Graduate School in the Humanities: Just Don't Go - Arun2009
http://chronicle.com/article/Graduate-School-in-the-Huma/44846/
======
asolove
I think the title is wrong. Should read: Don't go if you're planning to get a
job as a professor and would mind wasting ten years of your life waiting.

On the other hand, if you actually enjoy what you're studying and have any
reasonable amount of skill in something else (as many humanities majors who
read HN probably do), then graduate school can be fantastic. You want to use
computers to solve problems, but unless you're a low-level systems programmer
or a CS researcher, you'll need some _specific_ thing to make websites or
computer programs about. School is great for that.

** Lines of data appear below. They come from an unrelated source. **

Definition start2 (s : seq nat) : mstate := (s, [:: [::]; [::]], [::], [::]).

Lemma stacks_sorted_start s : stacks_sorted (start2 s).
Proof. by []. Qed.

Lemma sortable_of_run s ops si out :
  run 2 ops (start2 s) = Some ([::], [:: [::]; [::]], si, out) ->
  sorted leq (out ++ si) -> sortable 2 s.
Proof.
move=> h sorted_out; exists (ops ++ nseq (size si) 3).
rewrite run_cat h run_pops; congr (Some (_, _, _, _)).
have [_] := run2_sorted_perm (stacks_sorted_start s) h.
rewrite /= !cats0 perm_catC => perm_out.
rewrite -(sorted_sort leq_trans sorted_out).
exact/(perm_sortP leq_total leq_trans anti_leq).
Qed.

Lemma sortable_of_run_nil s ops si :
  run 2 ops (start2 s) = Some ([::], [:: [::]; [::]], si, [::]) -> sortable 2 s.
Proof.
move=> h; apply: (sortable_of_run h).
have [[_ _ sorted_si] _] := run2_sorted_perm (stacks_sorted_start s) h.
by apply: sub_sorted sorted_si => x y /ltnW.
Qed.

(** * Closure under patterns *)

Lemma leq_count_ltn (l : seq nat) x z : x <= z ->
  count (fun y => y < x) l <= count (fun y => y < z) l.
Proof. by move=> xz; apply: sub_count => y /= /leq_trans; apply. Qed.

Lemma ltn_count_ltn (l : seq nat) x z : x \in l -> x < z ->
  count (fun y => y < x) l < count (fun y => y < z) l.
Proof.
move=> /perm_to_rem /permP perm_l xz; rewrite !perm_l /= ltnn xz ltnS.
exact: leq_count_ltn (ltnW xz).
Qed.

Section Restriction.
Variables (s : seq nat) (P : pred nat).

Definition rank x := (count (fun y => y < x) (filter P s)).+1.
Definition restrict (l : seq nat) := map rank (filter P l).
Definition restrict_state (st : mstate) : mstate :=
  let: (inp, ds, si, out) := st in (restrict inp, map restrict ds, restrict si, restrict out).

Lemma rank_lt x z : P x -> x \in s -> x < z -> rank x < rank z.
Proof. by move=> px xs xz; rewrite ltnS; apply: ltn_count_ltn xz; rewrite mem_filter px. Qed.

Lemma rank_le x z : x <= z -> rank x <= rank z.
Proof. by move=> xz; rewrite ltnS; exact: leq_count_ltn. Qed.

Lemma restrict_push_dec x d : P x -> x \in s -> sorted gtn d -> {subset d <= s} ->
  can_push_dec x d -> can_push_dec (rank x) (restrict d).
Proof.
move=> px xs sorted_d sub; rewrite can_push_dec_all // => /allP d_lt_x.
rewrite /restrict; case E: (filter P d) => [|z l] //=.
have /[!mem_filter] /andP [pz zd] : z \in filter P d by rewrite E mem_head.
exact: rank_lt (sub z zd) (d_lt_x z zd).
Qed.

Lemma restrict_push_inc x d : P x -> x \in s -> sorted ltn d ->
  can_push_inc x d -> can_push_inc (rank x) (restrict d).
Proof.
move=> px xs sorted_d; rewrite can_push_inc_all // => /allP x_lt_d.
rewrite /restrict; case E: (filter P d) => [|z l] //=.
have /[!mem_filter] /andP [pz zd] : z \in filter P d by rewrite E mem_head.
exact: rank_lt (x_lt_d z zd).
Qed.

Definition within (st : mstate) := stacks_sorted st /\ {subset contents st <= s}.

Lemma step_restrict op st st' : within st -> step 2 op st = Some st' ->
  restrict_state st' = restrict_state st \/
  exists op', step 2 op' (restrict_state st) = Some (restrict_state st').
Proof.
case: st => [[[inp ds] si] out]; case: ds => [|d1 [|d2 [|? ?]]]; try by case; case.
move=> [sorted_st sub] H; move: sorted_st sub; case/step2P: H =>
  [[x [r [_ -> h ->]]]|[x [r [_ -> h ->]]]|[x [r [_ -> h ->]]]|[x [r [_ -> ->]]]]
  /= [s1 s2 s3] sub; (case px: (P x); [right | left]; rewrite /restrict /= ?filter_rcons px //).
- have xs : x \in s by apply: sub; rewrite mem_head.
  exists 0; rewrite /step /= restrict_push_dec // => z zd.
  by apply: sub; rewrite !(mem_cat, inE) zd !orbT.
- have xs : x \in s by apply: sub; rewrite !(mem_cat, inE) eqxx !orbT.
  exists 1; rewrite /step /= restrict_push_dec // => z zd.
  by apply: sub; rewrite !(mem_cat, inE) zd !orbT.
- have xs : x \in s by apply: sub; rewrite !(mem_cat, inE) eqxx !orbT.
  by exists 2; rewrite /step /= restrict_push_inc.
- by exists 3; rewrite /step /= map_rcons.
Qed.

Lemma run_restrict ops st st' : within st -> run 2 ops st = Some st' ->
  exists ops', run 2 ops' (restrict_state st) = Some (restrict_state st').
Proof.
elim: ops st => [|op ops IH] st within_st /=; first by case=> <-; exists [::].
rewrite run_cons; case E: (step 2 op st) => [st1|] // /(IH st1) run_st1.
have [|ops' run'] := run_st1.
  have [sorted1 perm1] := step2_sorted_perm within_st.1 E.
  by split=> // z; rewrite (perm_mem perm1); exact: within_st.2.
case: (step_restrict within_st E) => [eq_st|[op' step']].
  by exists ops'; rewrite -eq_st.
by exists (op' :: ops'); rewrite run_cons step'.
Qed.

End Restriction.

Lemma sortable_std_filter s P : sortable 2 s -> sortable 2 (std (filter P s)).
Proof.
case=> ops run_s.
have within_s : within s (start2 s) by split => // z /=; rewrite !cats0.
have [ops' run'] := run_restrict P within_s run_s.
exists ops'; move: run'; rewrite /= /restrict /=.
set s' := filter P s; have -> : map (rank s P) s' = std s' by [].
move=> ->; congr (Some (_, _, _, _)).
rewrite filter_sort; [|exact: leq_total|exact: leq_trans].
have sorted_ranks : sorted leq (map (rank s P) (sort leq s')).
  by apply: homo_sorted (sort_sorted leq_total _) => x y; exact: rank_le.
rewrite -(sorted_sort leq_trans sorted_ranks).
by apply/(perm_sortP leq_total leq_trans anti_leq); rewrite /std perm_map // perm_sort.
Qed.

Lemma sortable_std s : sortable 2 s -> sortable 2 (std s).
Proof. by move/(sortable_std_filter predT); rewrite filter_predT. Qed.

Lemma sortable_contains sigma pi : uniq pi -> sortable 2 pi -> contains sigma pi ->
  sortable 2 (std sigma).
Proof.
move=> uniq_pi sortable_pi [m <-].
have := sortable_std_filter (mem (mask m pi)) sortable_pi.
by move/subseq_uniqP: (mask_subseq m pi) => /(_ uniq_pi) <-.
Qed.

(** * The permutations alpha *)

Definition omega_from lo m := flatten [seq [:: i.*2.+2; i.*2 + 5] | i <- rev (iota lo m)].

Lemma omegaE j : omega j = omega_from 1 j.
Proof. by []. Qed.

Lemma omega_fromS lo m :
  omega_from lo m.+1 = [:: (lo + m).*2.+2; (lo + m).*2 + 5] ++ omega_from lo m.
Proof. by rewrite /omega_from -[m.+1]addn1 iotaD rev_cat. Qed.

Lemma omega_from_cat i m : omega_from 1 (i + m) = omega_from i.+1 m ++ omega_from 1 i.
Proof. by rewrite /omega_from iotaD rev_cat map_cat flatten_cat add1n. Qed.

Lemma size_omega_from lo m : size (omega_from lo m) = m.*2.
Proof. by elim: m => [|m IH] //; rewrite omega_fromS /= IH doubleS. Qed.

Lemma omegaS j : omega j.+1 = [:: j.*2.+4; j.*2 + 7] ++ omega j.
Proof. by rewrite !omegaE omega_fromS add1n; congr ([:: _; _] ++ _); rewrite doubleS; lia. Qed.

Lemma size_omega j : size (omega j) = j.*2.
Proof. exact: size_omega_from. Qed.

Lemma omega_ge4 j : all (leq 4) (omega j).
Proof. by elim: j => [|j IH] //; rewrite omegaS all_cat IH andbT /=; lia. Qed.

Lemma alpha_perm j : perm_eq (alpha j) (iota 1 (j.*2 + 5)).
Proof.
elim: j => [|j IH] //.
apply: perm_trans (_ : perm_eq _ ([:: j.*2 + 6; j.*2 + 7] ++ alpha j)) _.
  rewrite /alpha omegaS.
  have -> : j.+1.*2 + 4 = j.*2 + 6 by rewrite doubleS; lia.
  have -> : j.*2.+4 = j.*2 + 4 by lia.
  by apply/permP => q; rewrite /= !count_cat /=; lia.
have -> : j.+1.*2 + 5 = (j.*2 + 5) + 2 by rewrite doubleS; lia.
have -> : iota 1 (j.*2 + 5 + 2) = iota 1 (j.*2 + 5) ++ [:: j.*2 + 6; j.*2 + 7].
  by rewrite iotaD /=; congr (_ ++ [:: _; _]); lia.
by rewrite perm_catC perm_cat2r.
Qed.

Lemma alpha_uniq j : uniq (alpha j).
Proof. by rewrite (perm_uniq (alpha_perm j)) iota_uniq. Qed.

Lemma size_alpha j : size (alpha j) = j.*2 + 5.
Proof. by rewrite (perm_size (alpha_perm j)) size_iota. Qed.

Lemma sorted_iota_leq m n : sorted leq (iota m n).
Proof. by apply: sub_sorted (iota_ltn_sorted m n) => x y /ltnW. Qed.

Lemma alpha_sort j : sort leq (alpha j) = iota 1 (j.*2 + 5).
Proof.
rewrite -(sorted_sort leq_trans (sorted_iota_leq 1 _)).
exact/(perm_sortP leq_total leq_trans anti_leq)/alpha_perm.
Qed.

Lemma count_ltn_iota x n : count (fun y => y < x) (iota 1 n) = minn x.-1 n.
Proof.
elim: n => [|n IH]; first by rewrite minn0.
by rewrite -[n.+1]addn1 iotaD count_cat IH /=; lia.
Qed.

Lemma std_perm_iota s n : perm_eq s (iota 1 n) -> std s = s.
Proof.
move=> perm_s; rewrite /std -[RHS]map_id; apply/eq_in_map => x xs /=.
rewrite (permP perm_s) count_ltn_iota.
by move: xs; rewrite (perm_mem perm_s) mem_iota; lia.
Qed.

Lemma std_alpha j : std (alpha j) = alpha j.
Proof. exact: std_perm_iota (alpha_perm j). Qed.

Definition alpha_init j := [:: j.*2 + 4; 3] ++ omega j.

Lemma alphaE j : alpha j = alpha_init j ++ [:: 1; 5; 2].
Proof. by rewrite /alpha catA. Qed.

Lemma size_alpha_init j : size (alpha_init j) = j.*2 + 2.
Proof. by rewrite size_cat size_omega addnC. Qed.

Lemma alpha_init_ge3 j : all (leq 3) (alpha_init j).
Proof.
rewrite all_cat (sub_all _ (omega_ge4 j)) ?andbT => [|x]; last exact: leq_trans.
by apply/allP => x; rewrite !inE => /orP [] /eqP ->; lia.
Qed.

Section AlphaPrefixes.
Variables (j p : nat).
Hypothesis p_le : p <= j.*2 + 2.
Local Notation A := (alpha j).

Lemma take_alpha_ge3 x : x \in take p A -> 3 <= x.
Proof.
rewrite alphaE takel_cat ?size_alpha_init // => /mem_take.
exact/allP/alpha_init_ge3.
Qed.

Lemma two_in_drop_alpha : 2 \in drop p A.
Proof.
rewrite alphaE drop_cat size_alpha_init ltn_neqAle p_le andbT.
by case: eqP => [->|_] /=; rewrite ?subnn ?mem_cat !inE ?orbT.
Qed.

End AlphaPrefixes.

Lemma two_in_take_alpha j p : 2 \in take p (alpha j) -> drop p (alpha j) = [::].
Proof.
move=> two_in; apply: drop_oversize; rewrite leqNgt size_alpha; apply/negP => p_lt.
have alpha_rcons : alpha j = (alpha_init j ++ [:: 1; 5]) ++ [:: 2] by rewrite alphaE -catA.
move: two_in; rewrite alpha_rcons takel_cat; last by rewrite size_cat size_alpha_init /=; lia.
move/mem_take; rewrite mem_cat => /orP [/(allP (alpha_init_ge3 j)) //|] //.
Qed.

Lemma three_in_take_alpha j p : 3 \in take p (alpha j) -> 2 <= p.
Proof. by case: p => [|[|p]] //; rewrite /alpha /= !inE => /eqP; lia. Qed.

Lemma omega_ascent i q : q <= i.*2 ->
  exists x y, [/\ y \in (i.*2 + 4) :: take q (omega i ++ [:: 1; 5; 2]), 4 <= y,
                  x \in drop q (omega i ++ [:: 1; 5; 2]) & y < x].
Proof.
elim: i q => [|i IH] [|[|q]] //= q_le; first by exists 5, 4.
- exists (i.*2 + 7), (i.+1.*2 + 4); rewrite omegaS /= !inE !eqxx /= orbT doubleS.
  by split => //; lia.
- exists (i.*2 + 7), (i.*2.+4); rewrite omegaS /= !inE !eqxx orbT.
  by split => //; lia.
have [|x [y [y_in y_ge x_in y_lt]]] := IH q; first by move: q_le; rewrite doubleS.
exists x, y; rewrite omegaS /=; split => //.
move: y_in; rewrite !inE => /orP [/eqP ->|->]; last by rewrite !orbT.
by apply/orP; right; apply/orP; left; apply/eqP; lia.
Qed.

Last year I finished my MA in classical Chinese literature. The problems of
OCR'ing, transcribing, and translating Chinese are enormously interesting.
Even simply trying to present digitized versions of ancient Chinese texts is
difficult (no one told Confucius that only so many characters would be in the
Unicode standard). I got a lot of attention (and should have productized it)
by making free information available in a more convenient way with a simple
Rails app. There's a huge gap in the field for a young grad student who wanted
to digitize information, present it attractively, and sell it back to
libraries or individual researchers. And these gaps exist in most traditional
humanities fields.

Aside: I went to UW, which has the most rigorous Chinese lit. program outside
of China. Obviously don't go to graduate school in the Humanities at a school
that is only theory--you're probably smart and coherent enough to make your
way through it without really learning anything--go somewhere that has a
difficult program where you learn linguistics, philology, or serious history.
I also got all of tuition, a nice stipend, and optional health insurance by
doing some PHP programming for a lab at the school--don't go into serious debt
for a masters in the humanities.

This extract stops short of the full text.